____ Data excerpts

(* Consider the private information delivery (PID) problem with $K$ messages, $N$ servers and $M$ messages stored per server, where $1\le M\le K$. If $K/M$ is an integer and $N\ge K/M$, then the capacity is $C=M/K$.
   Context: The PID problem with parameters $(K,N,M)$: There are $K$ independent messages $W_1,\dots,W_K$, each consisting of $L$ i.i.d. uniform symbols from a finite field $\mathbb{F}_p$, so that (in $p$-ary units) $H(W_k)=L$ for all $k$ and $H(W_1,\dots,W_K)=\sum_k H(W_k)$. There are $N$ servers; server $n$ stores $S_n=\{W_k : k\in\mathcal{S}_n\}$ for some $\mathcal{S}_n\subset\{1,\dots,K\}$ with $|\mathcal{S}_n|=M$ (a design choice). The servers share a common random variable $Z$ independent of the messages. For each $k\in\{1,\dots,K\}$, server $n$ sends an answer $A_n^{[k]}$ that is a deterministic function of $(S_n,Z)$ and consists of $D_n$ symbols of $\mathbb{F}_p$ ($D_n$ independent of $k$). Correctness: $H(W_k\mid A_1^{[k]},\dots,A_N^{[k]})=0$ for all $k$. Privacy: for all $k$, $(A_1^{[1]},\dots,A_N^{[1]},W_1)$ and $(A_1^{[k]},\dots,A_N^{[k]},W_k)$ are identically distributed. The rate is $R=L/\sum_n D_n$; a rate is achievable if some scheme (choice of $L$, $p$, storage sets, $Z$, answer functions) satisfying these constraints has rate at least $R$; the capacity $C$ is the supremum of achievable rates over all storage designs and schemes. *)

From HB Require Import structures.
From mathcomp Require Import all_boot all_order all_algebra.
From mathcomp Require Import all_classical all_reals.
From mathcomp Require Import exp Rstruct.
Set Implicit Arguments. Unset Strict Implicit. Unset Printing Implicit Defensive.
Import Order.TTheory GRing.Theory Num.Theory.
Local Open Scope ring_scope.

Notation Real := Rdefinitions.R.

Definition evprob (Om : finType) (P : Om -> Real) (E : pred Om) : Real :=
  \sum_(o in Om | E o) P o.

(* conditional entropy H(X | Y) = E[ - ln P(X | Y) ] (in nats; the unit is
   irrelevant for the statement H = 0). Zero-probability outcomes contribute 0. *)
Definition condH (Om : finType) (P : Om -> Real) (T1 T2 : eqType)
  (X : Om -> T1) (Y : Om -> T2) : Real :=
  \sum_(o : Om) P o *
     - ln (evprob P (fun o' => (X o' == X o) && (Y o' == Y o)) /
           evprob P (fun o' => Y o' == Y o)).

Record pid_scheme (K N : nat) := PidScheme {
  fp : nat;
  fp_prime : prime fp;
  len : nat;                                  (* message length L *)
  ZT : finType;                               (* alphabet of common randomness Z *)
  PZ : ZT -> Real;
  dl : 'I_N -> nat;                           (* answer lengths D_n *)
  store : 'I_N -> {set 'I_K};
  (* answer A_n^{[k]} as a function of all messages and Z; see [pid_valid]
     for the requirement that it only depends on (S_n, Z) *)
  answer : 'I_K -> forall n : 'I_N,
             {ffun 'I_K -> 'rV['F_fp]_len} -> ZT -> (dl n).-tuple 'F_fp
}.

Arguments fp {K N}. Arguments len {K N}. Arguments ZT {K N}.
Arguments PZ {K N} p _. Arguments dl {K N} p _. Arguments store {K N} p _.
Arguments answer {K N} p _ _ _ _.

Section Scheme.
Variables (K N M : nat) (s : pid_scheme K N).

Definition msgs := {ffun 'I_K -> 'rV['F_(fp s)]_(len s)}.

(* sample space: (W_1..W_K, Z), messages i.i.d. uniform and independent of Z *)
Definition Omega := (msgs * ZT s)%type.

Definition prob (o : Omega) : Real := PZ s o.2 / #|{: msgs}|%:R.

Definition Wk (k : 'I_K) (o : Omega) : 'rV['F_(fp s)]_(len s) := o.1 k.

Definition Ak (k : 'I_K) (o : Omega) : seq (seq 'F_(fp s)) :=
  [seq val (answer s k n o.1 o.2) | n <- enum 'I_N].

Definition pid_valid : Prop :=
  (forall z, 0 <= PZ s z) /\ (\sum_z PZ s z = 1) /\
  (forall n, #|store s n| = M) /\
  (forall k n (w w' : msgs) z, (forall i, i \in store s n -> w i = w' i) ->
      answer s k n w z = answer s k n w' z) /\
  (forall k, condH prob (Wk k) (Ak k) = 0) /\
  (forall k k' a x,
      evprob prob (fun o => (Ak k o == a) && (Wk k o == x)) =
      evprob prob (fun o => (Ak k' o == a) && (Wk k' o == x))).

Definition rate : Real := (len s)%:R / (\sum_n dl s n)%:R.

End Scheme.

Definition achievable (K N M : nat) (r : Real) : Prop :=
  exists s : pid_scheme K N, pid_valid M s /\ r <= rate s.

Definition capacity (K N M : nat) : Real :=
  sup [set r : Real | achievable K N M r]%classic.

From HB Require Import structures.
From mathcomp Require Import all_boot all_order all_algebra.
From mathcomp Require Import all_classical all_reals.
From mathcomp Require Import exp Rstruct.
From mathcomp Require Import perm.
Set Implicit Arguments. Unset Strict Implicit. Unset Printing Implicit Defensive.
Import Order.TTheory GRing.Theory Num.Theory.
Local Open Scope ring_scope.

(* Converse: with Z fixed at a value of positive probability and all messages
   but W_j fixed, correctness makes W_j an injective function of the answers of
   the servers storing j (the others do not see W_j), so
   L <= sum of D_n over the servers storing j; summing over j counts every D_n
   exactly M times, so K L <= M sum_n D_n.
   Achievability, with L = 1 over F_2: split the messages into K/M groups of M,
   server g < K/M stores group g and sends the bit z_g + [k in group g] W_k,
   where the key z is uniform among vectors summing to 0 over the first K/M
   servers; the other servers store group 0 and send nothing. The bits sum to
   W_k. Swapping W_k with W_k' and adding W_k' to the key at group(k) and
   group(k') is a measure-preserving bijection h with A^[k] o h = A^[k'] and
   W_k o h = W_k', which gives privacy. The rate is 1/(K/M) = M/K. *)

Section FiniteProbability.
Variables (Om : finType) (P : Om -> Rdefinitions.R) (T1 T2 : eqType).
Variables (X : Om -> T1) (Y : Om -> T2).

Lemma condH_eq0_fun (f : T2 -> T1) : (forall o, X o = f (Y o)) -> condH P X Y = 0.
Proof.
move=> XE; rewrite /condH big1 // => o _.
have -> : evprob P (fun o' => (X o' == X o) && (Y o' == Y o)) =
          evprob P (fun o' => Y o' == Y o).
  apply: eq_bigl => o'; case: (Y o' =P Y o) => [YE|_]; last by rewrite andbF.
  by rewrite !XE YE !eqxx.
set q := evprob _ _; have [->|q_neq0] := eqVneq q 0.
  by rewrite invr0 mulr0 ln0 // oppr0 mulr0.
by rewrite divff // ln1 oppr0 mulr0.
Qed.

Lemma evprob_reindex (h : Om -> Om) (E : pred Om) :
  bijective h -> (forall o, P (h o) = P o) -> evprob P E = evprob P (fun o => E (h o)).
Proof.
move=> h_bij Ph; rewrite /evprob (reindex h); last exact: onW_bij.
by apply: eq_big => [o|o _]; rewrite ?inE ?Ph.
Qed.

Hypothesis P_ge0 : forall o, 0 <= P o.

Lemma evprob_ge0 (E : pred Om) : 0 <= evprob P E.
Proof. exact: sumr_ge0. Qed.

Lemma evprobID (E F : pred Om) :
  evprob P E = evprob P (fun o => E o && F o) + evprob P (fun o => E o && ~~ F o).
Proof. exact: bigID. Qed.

________
____ Data excerpts

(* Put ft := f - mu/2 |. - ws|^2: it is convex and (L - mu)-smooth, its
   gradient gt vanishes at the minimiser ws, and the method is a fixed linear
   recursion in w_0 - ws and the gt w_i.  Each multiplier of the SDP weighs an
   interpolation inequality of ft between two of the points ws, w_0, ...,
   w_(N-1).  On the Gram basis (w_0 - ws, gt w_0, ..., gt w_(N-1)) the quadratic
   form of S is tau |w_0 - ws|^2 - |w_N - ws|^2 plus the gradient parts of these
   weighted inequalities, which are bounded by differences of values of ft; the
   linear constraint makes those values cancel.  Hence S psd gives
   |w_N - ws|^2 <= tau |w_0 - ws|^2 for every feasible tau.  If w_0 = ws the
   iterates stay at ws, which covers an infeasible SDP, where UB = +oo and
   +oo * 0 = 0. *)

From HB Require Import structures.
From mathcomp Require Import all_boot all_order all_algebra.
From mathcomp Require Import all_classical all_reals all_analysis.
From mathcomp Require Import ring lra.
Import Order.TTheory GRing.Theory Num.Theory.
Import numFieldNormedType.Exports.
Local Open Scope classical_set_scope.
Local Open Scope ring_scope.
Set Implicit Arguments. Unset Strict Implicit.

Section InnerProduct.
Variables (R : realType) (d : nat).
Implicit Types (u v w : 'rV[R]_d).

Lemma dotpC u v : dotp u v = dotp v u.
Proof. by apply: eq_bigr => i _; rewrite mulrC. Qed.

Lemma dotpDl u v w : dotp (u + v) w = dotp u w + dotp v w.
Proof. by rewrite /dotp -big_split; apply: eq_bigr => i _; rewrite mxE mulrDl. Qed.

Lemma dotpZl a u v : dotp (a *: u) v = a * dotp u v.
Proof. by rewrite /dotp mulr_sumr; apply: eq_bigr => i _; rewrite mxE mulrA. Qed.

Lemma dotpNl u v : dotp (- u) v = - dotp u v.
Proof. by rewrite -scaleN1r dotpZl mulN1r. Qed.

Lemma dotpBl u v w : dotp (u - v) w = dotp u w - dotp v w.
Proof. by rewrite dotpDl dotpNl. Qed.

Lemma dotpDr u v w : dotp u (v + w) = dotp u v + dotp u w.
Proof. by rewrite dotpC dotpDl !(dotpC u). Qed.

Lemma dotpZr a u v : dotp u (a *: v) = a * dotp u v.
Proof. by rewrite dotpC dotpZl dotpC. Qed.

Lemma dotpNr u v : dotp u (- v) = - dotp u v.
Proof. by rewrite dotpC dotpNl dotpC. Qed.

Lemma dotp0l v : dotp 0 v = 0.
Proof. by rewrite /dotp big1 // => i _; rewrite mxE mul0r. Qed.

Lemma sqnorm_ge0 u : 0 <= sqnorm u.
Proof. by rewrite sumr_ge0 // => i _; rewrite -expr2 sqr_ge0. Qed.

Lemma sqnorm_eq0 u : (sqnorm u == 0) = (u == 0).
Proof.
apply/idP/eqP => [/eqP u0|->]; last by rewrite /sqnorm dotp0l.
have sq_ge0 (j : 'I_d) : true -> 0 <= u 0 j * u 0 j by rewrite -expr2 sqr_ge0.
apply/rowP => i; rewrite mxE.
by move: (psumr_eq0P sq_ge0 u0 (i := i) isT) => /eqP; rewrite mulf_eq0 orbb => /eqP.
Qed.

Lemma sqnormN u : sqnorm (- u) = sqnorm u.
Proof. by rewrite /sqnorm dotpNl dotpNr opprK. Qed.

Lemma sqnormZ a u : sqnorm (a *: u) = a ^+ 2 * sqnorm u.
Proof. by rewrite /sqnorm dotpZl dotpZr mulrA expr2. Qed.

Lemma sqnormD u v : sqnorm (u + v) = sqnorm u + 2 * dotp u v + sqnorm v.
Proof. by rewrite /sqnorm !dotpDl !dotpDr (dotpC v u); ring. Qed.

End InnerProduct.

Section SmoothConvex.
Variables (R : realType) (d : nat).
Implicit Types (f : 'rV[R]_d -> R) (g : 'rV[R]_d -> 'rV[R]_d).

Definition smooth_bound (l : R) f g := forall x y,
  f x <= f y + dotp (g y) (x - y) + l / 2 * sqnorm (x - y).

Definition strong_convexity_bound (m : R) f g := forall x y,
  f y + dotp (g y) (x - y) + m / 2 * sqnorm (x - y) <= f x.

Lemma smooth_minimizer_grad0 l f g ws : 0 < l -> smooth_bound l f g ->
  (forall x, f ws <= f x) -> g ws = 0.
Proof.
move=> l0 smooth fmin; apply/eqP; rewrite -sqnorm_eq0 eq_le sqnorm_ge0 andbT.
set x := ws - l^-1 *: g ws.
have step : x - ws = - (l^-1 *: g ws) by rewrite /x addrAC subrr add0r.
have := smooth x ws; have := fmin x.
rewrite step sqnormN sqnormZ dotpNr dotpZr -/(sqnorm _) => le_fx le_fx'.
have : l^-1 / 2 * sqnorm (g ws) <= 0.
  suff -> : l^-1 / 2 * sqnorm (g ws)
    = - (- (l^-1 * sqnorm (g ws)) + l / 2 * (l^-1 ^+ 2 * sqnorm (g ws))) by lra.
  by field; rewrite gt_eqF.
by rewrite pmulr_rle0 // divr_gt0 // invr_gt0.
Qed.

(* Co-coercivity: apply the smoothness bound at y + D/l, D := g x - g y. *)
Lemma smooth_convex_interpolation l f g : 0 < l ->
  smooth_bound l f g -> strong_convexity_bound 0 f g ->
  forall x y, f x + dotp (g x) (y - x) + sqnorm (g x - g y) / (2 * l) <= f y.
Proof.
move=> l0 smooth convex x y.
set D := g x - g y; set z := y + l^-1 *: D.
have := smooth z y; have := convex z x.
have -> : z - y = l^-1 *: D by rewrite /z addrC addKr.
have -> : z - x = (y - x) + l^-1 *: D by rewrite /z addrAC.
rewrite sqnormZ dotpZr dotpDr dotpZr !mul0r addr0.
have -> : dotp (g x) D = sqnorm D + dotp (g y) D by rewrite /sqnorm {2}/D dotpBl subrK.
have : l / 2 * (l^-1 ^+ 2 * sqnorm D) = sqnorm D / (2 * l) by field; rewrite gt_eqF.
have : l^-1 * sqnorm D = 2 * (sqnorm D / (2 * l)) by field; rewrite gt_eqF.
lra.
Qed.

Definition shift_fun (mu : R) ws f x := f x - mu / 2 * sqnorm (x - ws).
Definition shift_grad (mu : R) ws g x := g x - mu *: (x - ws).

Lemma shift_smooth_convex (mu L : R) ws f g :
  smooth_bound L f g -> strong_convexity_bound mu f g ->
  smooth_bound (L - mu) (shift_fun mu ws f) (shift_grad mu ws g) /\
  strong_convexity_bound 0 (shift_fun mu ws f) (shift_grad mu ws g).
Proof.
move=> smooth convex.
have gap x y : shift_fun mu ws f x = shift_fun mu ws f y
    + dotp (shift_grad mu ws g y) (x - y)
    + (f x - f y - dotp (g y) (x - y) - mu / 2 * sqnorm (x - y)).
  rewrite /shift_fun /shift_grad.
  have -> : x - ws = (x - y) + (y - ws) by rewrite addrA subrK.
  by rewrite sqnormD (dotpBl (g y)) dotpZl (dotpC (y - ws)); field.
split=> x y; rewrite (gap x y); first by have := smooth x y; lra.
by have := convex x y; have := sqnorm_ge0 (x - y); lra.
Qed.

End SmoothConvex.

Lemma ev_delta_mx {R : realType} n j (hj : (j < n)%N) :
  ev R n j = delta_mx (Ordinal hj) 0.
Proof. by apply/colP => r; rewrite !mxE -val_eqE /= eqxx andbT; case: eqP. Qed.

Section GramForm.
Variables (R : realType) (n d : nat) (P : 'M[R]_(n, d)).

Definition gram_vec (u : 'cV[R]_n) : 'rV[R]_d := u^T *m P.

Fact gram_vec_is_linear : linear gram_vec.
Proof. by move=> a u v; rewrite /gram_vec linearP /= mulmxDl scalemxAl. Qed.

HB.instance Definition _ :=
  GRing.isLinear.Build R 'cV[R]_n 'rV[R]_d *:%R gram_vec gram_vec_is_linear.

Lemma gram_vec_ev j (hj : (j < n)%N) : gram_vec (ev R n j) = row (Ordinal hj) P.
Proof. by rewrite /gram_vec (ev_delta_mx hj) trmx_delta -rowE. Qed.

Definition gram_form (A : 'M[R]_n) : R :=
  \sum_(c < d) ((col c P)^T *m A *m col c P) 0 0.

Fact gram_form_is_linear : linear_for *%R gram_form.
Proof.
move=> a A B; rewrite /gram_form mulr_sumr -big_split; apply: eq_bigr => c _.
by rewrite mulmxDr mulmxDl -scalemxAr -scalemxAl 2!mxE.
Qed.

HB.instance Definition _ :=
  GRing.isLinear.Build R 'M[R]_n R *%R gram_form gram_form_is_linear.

________
____ Data excerpts

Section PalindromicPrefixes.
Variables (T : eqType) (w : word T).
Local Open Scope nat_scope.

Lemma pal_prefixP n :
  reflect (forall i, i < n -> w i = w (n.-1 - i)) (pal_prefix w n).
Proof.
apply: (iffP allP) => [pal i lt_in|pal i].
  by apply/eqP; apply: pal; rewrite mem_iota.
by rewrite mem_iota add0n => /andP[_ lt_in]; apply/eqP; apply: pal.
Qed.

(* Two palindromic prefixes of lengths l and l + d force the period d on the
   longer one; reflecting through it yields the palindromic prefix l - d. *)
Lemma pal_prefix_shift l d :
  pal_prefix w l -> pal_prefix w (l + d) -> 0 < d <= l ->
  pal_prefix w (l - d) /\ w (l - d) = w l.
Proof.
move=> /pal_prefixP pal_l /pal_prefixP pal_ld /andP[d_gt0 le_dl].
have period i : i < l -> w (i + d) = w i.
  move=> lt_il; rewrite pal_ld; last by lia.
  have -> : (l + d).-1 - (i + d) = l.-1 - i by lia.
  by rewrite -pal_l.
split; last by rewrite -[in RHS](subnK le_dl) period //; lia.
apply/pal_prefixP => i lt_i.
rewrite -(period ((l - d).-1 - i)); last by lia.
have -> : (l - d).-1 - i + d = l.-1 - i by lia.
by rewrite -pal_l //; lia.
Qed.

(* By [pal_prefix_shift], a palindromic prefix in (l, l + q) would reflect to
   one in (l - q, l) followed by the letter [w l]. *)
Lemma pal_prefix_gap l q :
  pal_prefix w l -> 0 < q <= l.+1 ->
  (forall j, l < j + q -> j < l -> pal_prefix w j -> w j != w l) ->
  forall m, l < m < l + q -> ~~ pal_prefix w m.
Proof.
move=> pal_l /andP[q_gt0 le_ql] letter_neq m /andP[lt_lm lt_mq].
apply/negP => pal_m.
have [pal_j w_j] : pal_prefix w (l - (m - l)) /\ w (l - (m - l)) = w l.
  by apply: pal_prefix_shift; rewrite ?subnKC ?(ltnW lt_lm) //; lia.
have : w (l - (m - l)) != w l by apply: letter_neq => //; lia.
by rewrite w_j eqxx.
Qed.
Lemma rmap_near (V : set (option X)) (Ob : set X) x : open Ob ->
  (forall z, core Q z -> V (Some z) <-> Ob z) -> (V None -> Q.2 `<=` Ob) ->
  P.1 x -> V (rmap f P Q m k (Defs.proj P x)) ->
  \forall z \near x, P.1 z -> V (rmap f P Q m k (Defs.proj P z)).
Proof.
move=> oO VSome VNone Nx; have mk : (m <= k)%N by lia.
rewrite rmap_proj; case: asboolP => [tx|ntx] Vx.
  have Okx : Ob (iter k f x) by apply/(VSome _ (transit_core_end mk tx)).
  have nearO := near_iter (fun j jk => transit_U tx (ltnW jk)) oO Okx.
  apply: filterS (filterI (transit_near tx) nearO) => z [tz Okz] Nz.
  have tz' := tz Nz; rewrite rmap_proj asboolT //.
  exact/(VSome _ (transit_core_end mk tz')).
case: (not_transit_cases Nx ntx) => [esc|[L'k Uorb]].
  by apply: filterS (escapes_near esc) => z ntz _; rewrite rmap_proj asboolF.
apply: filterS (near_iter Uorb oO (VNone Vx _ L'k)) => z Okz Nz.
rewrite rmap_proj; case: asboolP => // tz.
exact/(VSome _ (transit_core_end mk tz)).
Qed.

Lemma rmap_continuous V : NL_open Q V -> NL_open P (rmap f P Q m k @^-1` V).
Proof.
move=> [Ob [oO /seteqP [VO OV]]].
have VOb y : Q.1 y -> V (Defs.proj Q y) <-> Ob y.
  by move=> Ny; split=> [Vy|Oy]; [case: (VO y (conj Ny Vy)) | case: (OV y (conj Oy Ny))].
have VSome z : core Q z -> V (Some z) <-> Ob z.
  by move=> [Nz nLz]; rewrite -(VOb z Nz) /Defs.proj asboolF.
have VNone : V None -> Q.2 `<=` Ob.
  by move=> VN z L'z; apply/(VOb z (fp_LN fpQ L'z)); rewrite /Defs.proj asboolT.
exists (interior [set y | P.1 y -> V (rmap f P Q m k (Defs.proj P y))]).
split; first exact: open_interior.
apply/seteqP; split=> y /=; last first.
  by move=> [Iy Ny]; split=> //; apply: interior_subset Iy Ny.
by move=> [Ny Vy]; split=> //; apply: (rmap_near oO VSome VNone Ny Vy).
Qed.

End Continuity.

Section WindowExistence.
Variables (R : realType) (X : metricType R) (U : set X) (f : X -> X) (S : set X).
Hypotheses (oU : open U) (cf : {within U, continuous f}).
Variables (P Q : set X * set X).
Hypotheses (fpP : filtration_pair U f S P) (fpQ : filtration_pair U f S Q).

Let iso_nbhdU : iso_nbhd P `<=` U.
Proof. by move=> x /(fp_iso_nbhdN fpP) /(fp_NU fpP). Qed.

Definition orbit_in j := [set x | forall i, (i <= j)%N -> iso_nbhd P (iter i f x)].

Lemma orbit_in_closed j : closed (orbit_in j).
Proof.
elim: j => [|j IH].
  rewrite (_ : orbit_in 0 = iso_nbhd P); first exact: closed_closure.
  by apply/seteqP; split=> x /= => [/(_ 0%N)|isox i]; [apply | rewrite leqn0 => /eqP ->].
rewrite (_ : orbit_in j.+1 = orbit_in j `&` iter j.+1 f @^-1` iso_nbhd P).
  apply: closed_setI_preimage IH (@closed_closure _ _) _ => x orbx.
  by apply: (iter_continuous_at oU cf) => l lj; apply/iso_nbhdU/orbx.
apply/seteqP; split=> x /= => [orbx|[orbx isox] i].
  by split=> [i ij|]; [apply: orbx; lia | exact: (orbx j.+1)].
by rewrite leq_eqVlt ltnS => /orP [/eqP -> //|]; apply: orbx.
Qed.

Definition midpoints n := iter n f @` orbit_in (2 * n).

________

What to do:
Copy out, exactly and alone, the lines of the entries above between the ones holding "(forall n, #|store s n| = M) /\" and "sup [set r : Real", inclusive.

Answer to this problem:
  (forall n, #|store s n| = M) /\
  (forall k n (w w' : msgs) z, (forall i, i \in store s n -> w i = w' i) ->
      answer s k n w z = answer s k n w' z) /\
  (forall k, condH prob (Wk k) (Ak k) = 0) /\
  (forall k k' a x,
      evprob prob (fun o => (Ak k o == a) && (Wk k o == x)) =
      evprob prob (fun o => (Ak k' o == a) && (Wk k' o == x))).

Definition rate : Real := (len s)%:R / (\sum_n dl s n)%:R.

End Scheme.

Definition achievable (K N M : nat) (r : Real) : Prop :=
  exists s : pid_scheme K N, pid_valid M s /\ r <= rate s.

Definition capacity (K N M : nat) : Real :=
  sup [set r : Real | achievable K N M r]%classic.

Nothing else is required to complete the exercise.